§ **Exercise instructions**: Write down each of the records again, exactly and in full.

═════ Source material

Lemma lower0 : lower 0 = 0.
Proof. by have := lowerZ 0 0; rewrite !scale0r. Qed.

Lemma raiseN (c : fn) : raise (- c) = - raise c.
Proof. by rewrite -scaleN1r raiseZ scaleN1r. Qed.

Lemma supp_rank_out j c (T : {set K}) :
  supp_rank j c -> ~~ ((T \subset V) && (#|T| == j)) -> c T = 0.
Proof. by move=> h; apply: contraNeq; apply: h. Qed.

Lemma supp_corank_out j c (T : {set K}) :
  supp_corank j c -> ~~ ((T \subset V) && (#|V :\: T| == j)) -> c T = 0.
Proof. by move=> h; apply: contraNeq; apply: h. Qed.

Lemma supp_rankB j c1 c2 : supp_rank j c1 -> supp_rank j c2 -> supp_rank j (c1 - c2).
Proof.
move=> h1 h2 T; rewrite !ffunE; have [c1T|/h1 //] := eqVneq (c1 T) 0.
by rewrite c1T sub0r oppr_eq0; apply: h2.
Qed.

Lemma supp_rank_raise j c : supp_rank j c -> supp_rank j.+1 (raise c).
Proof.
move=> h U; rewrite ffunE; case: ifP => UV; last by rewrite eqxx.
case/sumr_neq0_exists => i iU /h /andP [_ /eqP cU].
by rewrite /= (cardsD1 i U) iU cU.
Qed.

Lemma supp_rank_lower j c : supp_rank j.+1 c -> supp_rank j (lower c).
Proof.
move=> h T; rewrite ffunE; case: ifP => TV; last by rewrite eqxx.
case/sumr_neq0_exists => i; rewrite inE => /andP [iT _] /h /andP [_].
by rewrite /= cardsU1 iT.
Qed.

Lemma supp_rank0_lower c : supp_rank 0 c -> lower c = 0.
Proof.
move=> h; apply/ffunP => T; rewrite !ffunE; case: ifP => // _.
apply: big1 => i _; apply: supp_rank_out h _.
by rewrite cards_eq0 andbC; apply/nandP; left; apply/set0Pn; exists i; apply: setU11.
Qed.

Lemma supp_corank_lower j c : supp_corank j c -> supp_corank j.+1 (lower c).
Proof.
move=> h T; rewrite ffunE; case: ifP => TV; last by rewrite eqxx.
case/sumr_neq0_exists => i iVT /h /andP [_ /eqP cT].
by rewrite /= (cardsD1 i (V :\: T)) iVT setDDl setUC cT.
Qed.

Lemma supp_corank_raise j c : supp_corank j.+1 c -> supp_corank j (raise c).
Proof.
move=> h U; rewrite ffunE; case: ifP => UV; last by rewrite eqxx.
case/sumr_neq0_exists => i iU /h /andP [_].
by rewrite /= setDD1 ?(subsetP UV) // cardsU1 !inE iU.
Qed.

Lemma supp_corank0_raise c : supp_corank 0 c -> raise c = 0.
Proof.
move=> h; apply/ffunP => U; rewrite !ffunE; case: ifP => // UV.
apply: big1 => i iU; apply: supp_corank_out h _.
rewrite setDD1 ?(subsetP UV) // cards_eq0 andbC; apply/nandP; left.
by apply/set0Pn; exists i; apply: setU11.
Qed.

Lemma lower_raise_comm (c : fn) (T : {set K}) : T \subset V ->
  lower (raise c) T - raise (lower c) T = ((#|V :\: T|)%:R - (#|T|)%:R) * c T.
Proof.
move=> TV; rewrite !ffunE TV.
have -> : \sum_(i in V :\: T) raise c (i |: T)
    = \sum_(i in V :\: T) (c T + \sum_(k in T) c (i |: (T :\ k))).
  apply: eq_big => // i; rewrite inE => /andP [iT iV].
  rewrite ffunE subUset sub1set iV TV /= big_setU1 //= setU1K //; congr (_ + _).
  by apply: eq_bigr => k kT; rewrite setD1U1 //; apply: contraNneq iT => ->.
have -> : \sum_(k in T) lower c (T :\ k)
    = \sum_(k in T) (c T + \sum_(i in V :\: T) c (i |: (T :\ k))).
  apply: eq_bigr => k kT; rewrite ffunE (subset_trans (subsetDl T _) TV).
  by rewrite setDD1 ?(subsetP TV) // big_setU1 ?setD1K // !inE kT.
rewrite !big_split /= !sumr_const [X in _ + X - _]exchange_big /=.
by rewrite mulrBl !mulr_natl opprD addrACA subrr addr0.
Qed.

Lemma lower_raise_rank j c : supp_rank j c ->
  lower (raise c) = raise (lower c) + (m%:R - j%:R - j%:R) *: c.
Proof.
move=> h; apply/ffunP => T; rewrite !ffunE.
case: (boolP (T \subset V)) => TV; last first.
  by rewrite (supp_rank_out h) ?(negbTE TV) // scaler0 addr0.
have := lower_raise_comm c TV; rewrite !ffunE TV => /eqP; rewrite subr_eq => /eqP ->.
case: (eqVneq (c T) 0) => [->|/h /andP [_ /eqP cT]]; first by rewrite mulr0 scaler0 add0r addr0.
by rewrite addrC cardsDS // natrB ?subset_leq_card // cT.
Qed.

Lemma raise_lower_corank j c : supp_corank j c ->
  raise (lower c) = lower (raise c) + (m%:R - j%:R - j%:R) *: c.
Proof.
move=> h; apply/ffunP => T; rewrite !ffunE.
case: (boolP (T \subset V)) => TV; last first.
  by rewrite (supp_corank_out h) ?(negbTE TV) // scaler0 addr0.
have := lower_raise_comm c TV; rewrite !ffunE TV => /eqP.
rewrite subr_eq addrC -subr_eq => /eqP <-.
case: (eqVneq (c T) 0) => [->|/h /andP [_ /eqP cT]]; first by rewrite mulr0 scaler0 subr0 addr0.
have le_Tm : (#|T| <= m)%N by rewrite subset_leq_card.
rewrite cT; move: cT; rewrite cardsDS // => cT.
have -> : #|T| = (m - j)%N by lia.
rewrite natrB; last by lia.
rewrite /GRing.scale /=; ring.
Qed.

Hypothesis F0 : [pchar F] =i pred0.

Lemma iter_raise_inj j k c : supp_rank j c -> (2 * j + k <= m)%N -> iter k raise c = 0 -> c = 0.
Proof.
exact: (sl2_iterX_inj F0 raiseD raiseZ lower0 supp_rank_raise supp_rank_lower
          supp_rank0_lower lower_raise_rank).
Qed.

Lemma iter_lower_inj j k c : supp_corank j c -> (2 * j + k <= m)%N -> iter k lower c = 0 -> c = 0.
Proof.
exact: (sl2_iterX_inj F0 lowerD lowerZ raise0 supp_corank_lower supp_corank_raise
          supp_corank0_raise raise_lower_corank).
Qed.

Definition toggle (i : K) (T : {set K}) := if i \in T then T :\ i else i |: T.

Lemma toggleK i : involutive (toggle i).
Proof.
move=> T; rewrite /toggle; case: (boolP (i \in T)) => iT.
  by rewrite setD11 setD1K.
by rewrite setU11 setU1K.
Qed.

══════════

§ **Answer to this problem**:
Lemma lower0 : lower 0 = 0.
Proof. by have := lowerZ 0 0; rewrite !scale0r. Qed.

Lemma raiseN (c : fn) : raise (- c) = - raise c.
Proof. by rewrite -scaleN1r raiseZ scaleN1r. Qed.

Lemma supp_rank_out j c (T : {set K}) :
  supp_rank j c -> ~~ ((T \subset V) && (#|T| == j)) -> c T = 0.
Proof. by move=> h; apply: contraNeq; apply: h. Qed.

Lemma supp_corank_out j c (T : {set K}) :
  supp_corank j c -> ~~ ((T \subset V) && (#|V :\: T| == j)) -> c T = 0.
Proof. by move=> h; apply: contraNeq; apply: h. Qed.

Lemma supp_rankB j c1 c2 : supp_rank j c1 -> supp_rank j c2 -> supp_rank j (c1 - c2).
Proof.
move=> h1 h2 T; rewrite !ffunE; have [c1T|/h1 //] := eqVneq (c1 T) 0.
by rewrite c1T sub0r oppr_eq0; apply: h2.
Qed.

Lemma supp_rank_raise j c : supp_rank j c -> supp_rank j.+1 (raise c).
Proof.
move=> h U; rewrite ffunE; case: ifP => UV; last by rewrite eqxx.
case/sumr_neq0_exists => i iU /h /andP [_ /eqP cU].
by rewrite /= (cardsD1 i U) iU cU.
Qed.

Lemma supp_rank_lower j c : supp_rank j.+1 c -> supp_rank j (lower c).
Proof.
move=> h T; rewrite ffunE; case: ifP => TV; last by rewrite eqxx.
case/sumr_neq0_exists => i; rewrite inE => /andP [iT _] /h /andP [_].
by rewrite /= cardsU1 iT.
Qed.

Lemma supp_rank0_lower c : supp_rank 0 c -> lower c = 0.
Proof.
move=> h; apply/ffunP => T; rewrite !ffunE; case: ifP => // _.
apply: big1 => i _; apply: supp_rank_out h _.
by rewrite cards_eq0 andbC; apply/nandP; left; apply/set0Pn; exists i; apply: setU11.
Qed.

Lemma supp_corank_lower j c : supp_corank j c -> supp_corank j.+1 (lower c).
Proof.
move=> h T; rewrite ffunE; case: ifP => TV; last by rewrite eqxx.
case/sumr_neq0_exists => i iVT /h /andP [_ /eqP cT].
by rewrite /= (cardsD1 i (V :\: T)) iVT setDDl setUC cT.
Qed.

Lemma supp_corank_raise j c : supp_corank j.+1 c -> supp_corank j (raise c).
Proof.
move=> h U; rewrite ffunE; case: ifP => UV; last by rewrite eqxx.
case/sumr_neq0_exists => i iU /h /andP [_].
by rewrite /= setDD1 ?(subsetP UV) // cardsU1 !inE iU.
Qed.

Lemma supp_corank0_raise c : supp_corank 0 c -> raise c = 0.
Proof.
move=> h; apply/ffunP => U; rewrite !ffunE; case: ifP => // UV.
apply: big1 => i iU; apply: supp_corank_out h _.
rewrite setDD1 ?(subsetP UV) // cards_eq0 andbC; apply/nandP; left.
by apply/set0Pn; exists i; apply: setU11.
Qed.

Lemma lower_raise_comm (c : fn) (T : {set K}) : T \subset V ->
  lower (raise c) T - raise (lower c) T = ((#|V :\: T|)%:R - (#|T|)%:R) * c T.
Proof.
move=> TV; rewrite !ffunE TV.
have -> : \sum_(i in V :\: T) raise c (i |: T)
    = \sum_(i in V :\: T) (c T + \sum_(k in T) c (i |: (T :\ k))).
  apply: eq_big => // i; rewrite inE => /andP [iT iV].
  rewrite ffunE subUset sub1set iV TV /= big_setU1 //= setU1K //; congr (_ + _).
  by apply: eq_bigr => k kT; rewrite setD1U1 //; apply: contraNneq iT => ->.
have -> : \sum_(k in T) lower c (T :\ k)
    = \sum_(k in T) (c T + \sum_(i in V :\: T) c (i |: (T :\ k))).
  apply: eq_bigr => k kT; rewrite ffunE (subset_trans (subsetDl T _) TV).
  by rewrite setDD1 ?(subsetP TV) // big_setU1 ?setD1K // !inE kT.
rewrite !big_split /= !sumr_const [X in _ + X - _]exchange_big /=.
by rewrite mulrBl !mulr_natl opprD addrACA subrr addr0.
Qed.

Lemma lower_raise_rank j c : supp_rank j c ->
  lower (raise c) = raise (lower c) + (m%:R - j%:R - j%:R) *: c.
Proof.
move=> h; apply/ffunP => T; rewrite !ffunE.
case: (boolP (T \subset V)) => TV; last first.
  by rewrite (supp_rank_out h) ?(negbTE TV) // scaler0 addr0.
have := lower_raise_comm c TV; rewrite !ffunE TV => /eqP; rewrite subr_eq => /eqP ->.
case: (eqVneq (c T) 0) => [->|/h /andP [_ /eqP cT]]; first by rewrite mulr0 scaler0 add0r addr0.
by rewrite addrC cardsDS // natrB ?subset_leq_card // cT.
Qed.

Lemma raise_lower_corank j c : supp_corank j c ->
  raise (lower c) = lower (raise c) + (m%:R - j%:R - j%:R) *: c.
Proof.
move=> h; apply/ffunP => T; rewrite !ffunE.
case: (boolP (T \subset V)) => TV; last first.
  by rewrite (supp_corank_out h) ?(negbTE TV) // scaler0 addr0.
have := lower_raise_comm c TV; rewrite !ffunE TV => /eqP.
rewrite subr_eq addrC -subr_eq => /eqP <-.
case: (eqVneq (c T) 0) => [->|/h /andP [_ /eqP cT]]; first by rewrite mulr0 scaler0 subr0 addr0.
have le_Tm : (#|T| <= m)%N by rewrite subset_leq_card.
rewrite cT; move: cT; rewrite cardsDS // => cT.
have -> : #|T| = (m - j)%N by lia.
rewrite natrB; last by lia.
rewrite /GRing.scale /=; ring.
Qed.

Hypothesis F0 : [pchar F] =i pred0.

Lemma iter_raise_inj j k c : supp_rank j c -> (2 * j + k <= m)%N -> iter k raise c = 0 -> c = 0.
Proof.
exact: (sl2_iterX_inj F0 raiseD raiseZ lower0 supp_rank_raise supp_rank_lower
          supp_rank0_lower lower_raise_rank).
Qed.

Lemma iter_lower_inj j k c : supp_corank j c -> (2 * j + k <= m)%N -> iter k lower c = 0 -> c = 0.
Proof.
exact: (sl2_iterX_inj F0 lowerD lowerZ raise0 supp_corank_lower supp_corank_raise
          supp_corank0_raise raise_lower_corank).
Qed.

Definition toggle (i : K) (T : {set K}) := if i \in T then T :\ i else i |: T.

Lemma toggleK i : involutive (toggle i).
Proof.
move=> T; rewrite /toggle; case: (boolP (i \in T)) => iT.
  by rewrite setD11 setD1K.
by rewrite setU11 setU1K.
Qed.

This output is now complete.